> **PROMPT**
When a line in the entries contains the word "vertex", copy that line in full.

Collected data entries:
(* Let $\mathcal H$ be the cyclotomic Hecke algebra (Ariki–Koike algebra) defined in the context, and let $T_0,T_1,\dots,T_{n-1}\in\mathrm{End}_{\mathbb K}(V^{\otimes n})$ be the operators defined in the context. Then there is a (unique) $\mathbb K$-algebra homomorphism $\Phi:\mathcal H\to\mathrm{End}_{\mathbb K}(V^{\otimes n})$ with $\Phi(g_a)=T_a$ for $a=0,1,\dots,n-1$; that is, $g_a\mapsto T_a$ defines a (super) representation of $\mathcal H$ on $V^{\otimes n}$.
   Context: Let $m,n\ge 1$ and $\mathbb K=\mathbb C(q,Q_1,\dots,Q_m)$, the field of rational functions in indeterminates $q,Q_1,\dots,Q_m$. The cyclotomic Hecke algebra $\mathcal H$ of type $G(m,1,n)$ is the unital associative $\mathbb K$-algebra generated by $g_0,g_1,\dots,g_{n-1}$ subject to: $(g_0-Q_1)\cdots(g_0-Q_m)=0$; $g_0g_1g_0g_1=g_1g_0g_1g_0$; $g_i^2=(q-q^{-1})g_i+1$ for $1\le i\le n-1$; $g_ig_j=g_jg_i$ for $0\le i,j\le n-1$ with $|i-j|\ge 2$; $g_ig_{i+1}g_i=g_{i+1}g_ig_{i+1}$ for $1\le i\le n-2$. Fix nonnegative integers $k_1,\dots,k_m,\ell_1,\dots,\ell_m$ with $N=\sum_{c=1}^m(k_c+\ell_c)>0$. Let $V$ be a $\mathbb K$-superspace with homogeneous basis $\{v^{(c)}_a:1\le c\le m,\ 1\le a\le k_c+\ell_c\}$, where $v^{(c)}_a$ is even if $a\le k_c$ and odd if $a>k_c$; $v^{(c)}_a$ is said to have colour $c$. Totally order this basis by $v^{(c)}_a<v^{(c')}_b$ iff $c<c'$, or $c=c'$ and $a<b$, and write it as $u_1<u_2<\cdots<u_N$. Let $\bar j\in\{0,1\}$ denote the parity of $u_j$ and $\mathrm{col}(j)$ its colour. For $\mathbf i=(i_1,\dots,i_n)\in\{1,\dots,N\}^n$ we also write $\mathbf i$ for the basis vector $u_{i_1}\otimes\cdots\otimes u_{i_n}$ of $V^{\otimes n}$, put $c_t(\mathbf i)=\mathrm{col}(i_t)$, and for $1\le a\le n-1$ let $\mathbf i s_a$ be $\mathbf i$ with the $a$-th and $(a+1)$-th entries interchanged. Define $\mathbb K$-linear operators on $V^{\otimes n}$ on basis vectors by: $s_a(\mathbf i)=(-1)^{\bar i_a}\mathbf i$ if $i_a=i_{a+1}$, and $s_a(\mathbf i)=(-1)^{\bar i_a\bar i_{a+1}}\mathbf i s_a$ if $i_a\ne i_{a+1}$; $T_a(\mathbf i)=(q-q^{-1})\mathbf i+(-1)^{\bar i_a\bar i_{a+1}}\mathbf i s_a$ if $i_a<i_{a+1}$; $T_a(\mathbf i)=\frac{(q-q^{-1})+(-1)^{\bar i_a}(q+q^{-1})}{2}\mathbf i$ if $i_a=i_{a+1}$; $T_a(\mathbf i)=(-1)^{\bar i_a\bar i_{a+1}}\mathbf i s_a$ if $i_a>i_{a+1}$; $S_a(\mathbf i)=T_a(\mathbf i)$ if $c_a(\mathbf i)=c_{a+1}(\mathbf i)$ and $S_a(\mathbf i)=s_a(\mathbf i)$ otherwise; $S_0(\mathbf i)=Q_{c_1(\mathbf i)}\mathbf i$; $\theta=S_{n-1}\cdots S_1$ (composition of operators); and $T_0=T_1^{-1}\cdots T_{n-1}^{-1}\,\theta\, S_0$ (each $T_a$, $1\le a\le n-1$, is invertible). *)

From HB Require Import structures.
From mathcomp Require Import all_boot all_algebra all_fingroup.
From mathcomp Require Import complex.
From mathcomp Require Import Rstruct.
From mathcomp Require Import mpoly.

* * *

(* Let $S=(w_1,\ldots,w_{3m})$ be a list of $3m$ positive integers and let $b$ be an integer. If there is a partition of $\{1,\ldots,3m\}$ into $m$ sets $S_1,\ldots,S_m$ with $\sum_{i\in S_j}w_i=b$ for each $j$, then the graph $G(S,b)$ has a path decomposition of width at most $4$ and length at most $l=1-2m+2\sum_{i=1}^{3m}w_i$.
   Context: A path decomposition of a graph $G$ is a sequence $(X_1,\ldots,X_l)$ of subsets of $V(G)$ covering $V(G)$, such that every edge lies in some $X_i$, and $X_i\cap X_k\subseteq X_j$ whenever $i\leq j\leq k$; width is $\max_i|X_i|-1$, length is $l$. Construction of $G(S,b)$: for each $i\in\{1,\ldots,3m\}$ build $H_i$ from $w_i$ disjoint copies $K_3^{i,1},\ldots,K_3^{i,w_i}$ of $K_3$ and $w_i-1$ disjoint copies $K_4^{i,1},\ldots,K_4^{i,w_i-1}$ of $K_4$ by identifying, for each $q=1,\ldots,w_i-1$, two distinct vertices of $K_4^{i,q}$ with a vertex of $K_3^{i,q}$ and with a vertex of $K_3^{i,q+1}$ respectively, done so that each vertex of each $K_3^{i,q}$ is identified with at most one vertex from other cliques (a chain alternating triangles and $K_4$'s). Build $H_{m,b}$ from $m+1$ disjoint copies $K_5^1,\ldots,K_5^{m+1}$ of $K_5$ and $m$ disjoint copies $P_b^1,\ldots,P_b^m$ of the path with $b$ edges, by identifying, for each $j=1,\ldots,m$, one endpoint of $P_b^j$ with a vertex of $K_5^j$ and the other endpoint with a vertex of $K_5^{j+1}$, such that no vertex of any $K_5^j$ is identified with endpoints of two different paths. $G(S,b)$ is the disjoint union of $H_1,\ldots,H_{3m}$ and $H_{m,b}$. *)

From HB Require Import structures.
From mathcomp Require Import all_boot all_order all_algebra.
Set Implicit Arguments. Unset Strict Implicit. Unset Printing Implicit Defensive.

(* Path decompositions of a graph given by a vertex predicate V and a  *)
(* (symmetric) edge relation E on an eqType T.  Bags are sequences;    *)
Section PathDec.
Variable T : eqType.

> **TASK SOLUTION**
   Context: A path decomposition of a graph $G$ is a sequence $(X_1,\ldots,X_l)$ of subsets of $V(G)$ covering $V(G)$, such that every edge lies in some $X_i$, and $X_i\cap X_k\subseteq X_j$ whenever $i\leq j\leq k$; width is $\max_i|X_i|-1$, length is $l$. Construction of $G(S,b)$: for each $i\in\{1,\ldots,3m\}$ build $H_i$ from $w_i$ disjoint copies $K_3^{i,1},\ldots,K_3^{i,w_i}$ of $K_3$ and $w_i-1$ disjoint copies $K_4^{i,1},\ldots,K_4^{i,w_i-1}$ of $K_4$ by identifying, for each $q=1,\ldots,w_i-1$, two distinct vertices of $K_4^{i,q}$ with a vertex of $K_3^{i,q}$ and with a vertex of $K_3^{i,q+1}$ respectively, done so that each vertex of each $K_3^{i,q}$ is identified with at most one vertex from other cliques (a chain alternating triangles and $K_4$'s). Build $H_{m,b}$ from $m+1$ disjoint copies $K_5^1,\ldots,K_5^{m+1}$ of $K_5$ and $m$ disjoint copies $P_b^1,\ldots,P_b^m$ of the path with $b$ edges, by identifying, for each $j=1,\ldots,m$, one endpoint of $P_b^j$ with a vertex of $K_5^j$ and the other endpoint with a vertex of $K_5^{j+1}$, such that no vertex of any $K_5^j$ is identified with endpoints of two different paths. $G(S,b)$ is the disjoint union of $H_1,\ldots,H_{3m}$ and $H_{m,b}$. *)
(* Path decompositions of a graph given by a vertex predicate V and a  *)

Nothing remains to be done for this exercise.